Oh no you're at it again - just so scrummy - all of them


----------



## colliemerles (Nov 2, 2007)

stunning ,gorgeous,, beautiful,,,,,,,,,,,,,,,,,,,,,,,,,,


----------



## Saynamore (Feb 28, 2008)

Siamese Kelly said:


> Another quickie as they wouldn't have retained their "Angel" halo's
> 
> 
> 
> ...


 ok I'm puzzled now, what does FW mean??? lol C.x.


----------



## Siamese Kelly (Jan 6, 2008)

Foreign WhiteSorry i forget-i get so excited


----------



## Saynamore (Feb 28, 2008)

Does that mean they are pure white?, or is there another colour in there. I'm confused now cos I thought they were all like colourpoints


----------



## Siamese Kelly (Jan 6, 2008)

Yes it does but they carry other colors-we think Angel carries Seal-don't quote me just on that but it's looking that way


----------



## thedog (Jan 4, 2008)

Love the pics of the babies!! I've wanted a Siamese for so long i think they are gorgeous cats. Maybe one day i'll convince OH about getting one!!!!


----------



## Angeli (Jun 2, 2008)

Gorgeous babies, I just love those huge ears 

How on earth do you tell them apart as to me they all look the same


----------



## catzndogz (Mar 12, 2008)

wow such beautifull kittens. bet you are so proud of them


----------



## Selk67U2 (May 5, 2008)

*Oh wow Kelly, they are coming on fab arn't they. They are just so sweet.*


----------



## xxSaffronxx (Apr 2, 2008)

OMG Kel they look gorgeous! They are really starting to take shape now bless em! Lil monkeys i bet!


----------



## may (Nov 2, 2007)

WoW!!!!!! they are a bit special Kelly 
Very lovely babies but with parents like they have what would you expect eh!


----------



## Siamese Kelly (Jan 6, 2008)

may said:


> WoW!!!!!! they are a bit special Kelly
> Very lovely babies but with parents like they have what would you expect eh!

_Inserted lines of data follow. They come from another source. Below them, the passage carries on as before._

(* The coordinate formulas below also hold at the zero vector: there the
   coordinate factor vanishes, whatever the junk value of [_ / 0]. *)
Lemma expD_coord n alpha v i : (i < n)%nat ->
  expD n alpha v i = tanh (sqrt alpha * enorm n v) / (sqrt alpha * enorm n v) * v i.
Proof.
  intros Hi. unfold expD. destruct excluded_middle_informative as [Hv|_].
  - rewrite (Hv i Hi). unfold zeroV. ring.
  - unfold Rdiv. ring.
Qed.

Lemma logD_coord n alpha y i : (i < n)%nat ->
  logD n alpha y i = artanh (sqrt alpha * enorm n y) / (sqrt alpha * enorm n y) * y i.
Proof.
  intros Hi. unfold logD. destruct excluded_middle_informative as [Hy|_].
  - rewrite (Hy i Hi). unfold zeroV. ring.
  - unfold Rdiv. ring.
Qed.

Lemma expD_veqD n alpha v w : veqD n v w -> veqD n (expD n alpha v) (expD n alpha w).
Proof.
  intros H i Hi. rewrite !expD_coord by exact Hi. now rewrite (enorm_ext n v w H), H.
Qed.

Lemma originH_neq0 beta i : i <> 0%nat -> originH beta i = 0.
Proof. intros Hi. unfold originH. now rewrite (proj2 (Nat.eqb_neq i 0) Hi). Qed.

Lemma expH_coord0 n beta v : v 0%nat = 0 ->
  expH n beta v 0%nat = sqrt beta * cosh (spatial_norm n v / sqrt beta).
Proof.
  intros H0. unfold expH. destruct excluded_middle_informative as [Hv|_].
  - rewrite (spatial_norm_ext n v zeroV) by (intros; apply Hv; lia).
    rewrite spatial_norm_zeroV, Rdiv_0_l, cosh_0. unfold originH. simpl. ring.
  - rewrite H0, lnorm_spatial by exact H0. unfold originH. simpl. unfold Rdiv. ring.
Qed.

Lemma expH_coordS n beta v i : v 0%nat = 0 -> (1 <= i <= n)%nat ->
  expH n beta v i = sqrt beta * sinh (spatial_norm n v / sqrt beta) / spatial_norm n v * v i.
Proof.
  intros H0 Hi. unfold expH. destruct excluded_middle_informative as [Hv|_].
  - rewrite (Hv i), originH_neq0 by lia. unfold zeroV. ring.
  - rewrite originH_neq0, lnorm_spatial by (assumption || lia). unfold Rdiv. ring.
Qed.

Lemma lor_originH n beta x : lor n (originH beta) x = - (sqrt beta * x 0%nat).
Proof.
  unfold lor. rewrite sum1_eq0; [unfold originH; simpl; ring|].
  intros i Hi. rewrite originH_neq0 by lia. ring.
Qed.

Lemma logH_coordS n beta x i : 0 < beta -> (1 <= i <= n)%nat ->
  logH n beta x i = sqrt beta * arcosh (x 0%nat / sqrt beta) / spatial_norm n x * x i.
Proof.
  intros Hbeta Hi. pose proof (sqrt_lt_R0 _ Hbeta) as Hb.
  pose proof (sqrt_sqrt _ (Rlt_le _ _ Hbeta)) as Hbb.
  unfold logH. destruct excluded_middle_informative as [Hx|_].
  - rewrite (Hx i), originH_neq0 by lia. unfold zeroV. ring.
  - cbv zeta. rewrite lor_originH.
    rewrite lnorm_spatial by (unfold originH; simpl; field [Hbb]; lra).
    rewrite (spatial_norm_ext n _ x)
      by (intros j Hj; rewrite originH_neq0 by lia; ring).
    rewrite originH_neq0 by lia.
    unfold distH. rewrite lor_originH.
    replace (- - (sqrt beta * x 0%nat) / beta) with (x 0%nat / sqrt beta)
      by (field [Hbb]; lra).
    unfold Rdiv. ring.
Qed.

Lemma cosh_pos t : 0 < cosh t.
Proof. unfold cosh. pose proof (exp_pos t). pose proof (exp_pos (- t)). lra. Qed.

Lemma tanh_half t : sinh t / (1 + cosh t) = tanh (t / 2).
Proof.
  set (y := t / 2). replace t with (y + y) by (unfold y; field).
  unfold tanh, sinh, cosh. rewrite exp_plus.
  replace (- (y + y)) with (- y + - y) by ring.
  rewrite exp_plus, exp_Ropp. pose proof (exp_pos y). set (e := exp y) in *.
  field. split; nra.
Qed.

Lemma arcosh_artanh b r x0 : 0 < b -> 0 < x0 -> 0 <= r -> x0 ^ 2 = b ^ 2 + r ^ 2 ->
  arcosh (x0 / b) = 2 * artanh (r / (b + x0)).
Proof.
  intros Hb Hx0 Hr Hpyth. assert (Hrx0 : r < x0) by nra.
  unfold arcosh, artanh.
  replace ((x0 / b) ^ 2 - 1) with ((x0 ^ 2 - b ^ 2) / b ^ 2) by (field; lra).
  rewrite Hpyth.
  replace ((b ^ 2 + r ^ 2 - b ^ 2) / b ^ 2) with ((r / b) ^ 2) by (field; lra).
  rewrite sqrt_pow2 by (unfold Rdiv; apply Rmult_le_pos; [lra | left; apply Rinv_0_lt_compat; lra]).
  replace ((1 + r / (b + x0)) / (1 - r / (b + x0)))
    with ((b * (b + x0 + r)) / (b * (b + x0 - r))) by (field; lra).
  replace (b * (b + x0 + r)) with ((x0 + r) * (b + x0 - r)) by nra.
  replace ((x0 + r) * (b + x0 - r) / (b * (b + x0 - r))) with (x0 / b + r / b)
    by (field; lra).
  field.
Qed.

Lemma pHD_expH n beta v i : 0 < beta -> v 0%nat = 0 -> (i < n)%nat ->
  pHD beta (expH n beta v) i = expD n (/ beta) (fun j => v (S j) / 2) i.
Proof.
  intros Hbeta H0 Hi. pose proof (sqrt_lt_R0 _ Hbeta) as Hb.
  rewrite expD_coord by exact Hi.
  rewrite (enorm_ext n _ (fun j => / 2 * v (S j))) by (intros j _; unfold Rdiv; ring).
  rewrite (enorm_shift n (fun k => / 2 * v k)), spatial_norm_scal, sqrt_inv by lra.
  unfold pHD. rewrite expH_coord0, expH_coordS by (assumption || lia).
  set (L := spatial_norm n v) in *.
  destruct (Req_dec L 0) as [HL|HL].
  - rewrite (spatial_norm_eq0 n v HL (S i)) by lia. unfold Rdiv. ring.
  - replace (/ sqrt beta * (/ 2 * L)) with (L / sqrt beta / 2) by (field; lra).
    rewrite <- tanh_half. pose proof (cosh_pos (L / sqrt beta)).
    field. repeat split; nra.
Qed.

Lemma logD_pHD n beta x i : 0 < beta -> in_H n beta x -> (i < n)%nat ->
  logD n (/ beta) (pHD beta x) i = logH n beta x (S i) / 2.
Proof.
  intros Hbeta [Hlor Hx0] Hi. pose proof (sqrt_lt_R0 _ Hbeta) as Hb.
  pose proof (sqrt_sqrt _ (Rlt_le _ _ Hbeta)) as Hbb.
  set (b := sqrt beta) in *. set (x0 := x 0%nat) in *. set (r := spatial_norm n x).
  assert (Hr : 0 <= r) by apply sqrt_pos.
  assert (Hpyth : x0 ^ 2 = b ^ 2 + r ^ 2).
  { unfold r, spatial_norm. rewrite pow2_sqrt by apply sum1_sq_nonneg.
    unfold lor in Hlor.
    rewrite (sum1_ext n (fun i => x i * x i) (fun i => x i ^ 2)) in Hlor by (intros; ring).
    fold x0 in Hlor. nra. }
  rewrite logD_coord, logH_coordS by (assumption || lia).
  rewrite (enorm_ext n _ (fun j => b / (b + x0) * x (S j)))
    by (intros j _; unfold pHD; fold b x0; field; lra).
  rewrite (enorm_shift n (fun k => b / (b + x0) * x k)), spatial_norm_scal, sqrt_inv
    by (unfold Rdiv; apply Rmult_le_pos; [lra | left; apply Rinv_0_lt_compat; lra]).
  fold b x0 r. rewrite (arcosh_artanh b r x0) by assumption.
  replace (/ b * (b / (b + x0) * r)) with (r / (b + x0)) by (field; lra).
  unfold pHD. fold b x0.
  destruct (Req_dec r 0) as [Hr0|Hr0].
  - rewrite (spatial_norm_eq0 n x Hr0 (S i)) by lia. unfold Rdiv. ring.
  - field. lra.
Qed.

Exactly As for telling them apart-it's easier now-their a bit older and spending as much time with them all means you really get to know each ones little character traits-who's trouble,instigator etc but i love this age as the fun really does start and i can't wait When i start posting even more dribble than usual-you'll know it's down to the inhaling of too much litter messThankyou everyone-i keep saying this but it's true-it's wonderful when others can see how gorgeous your kitts are and you all know thats it-i'll be posting pics non stop


----------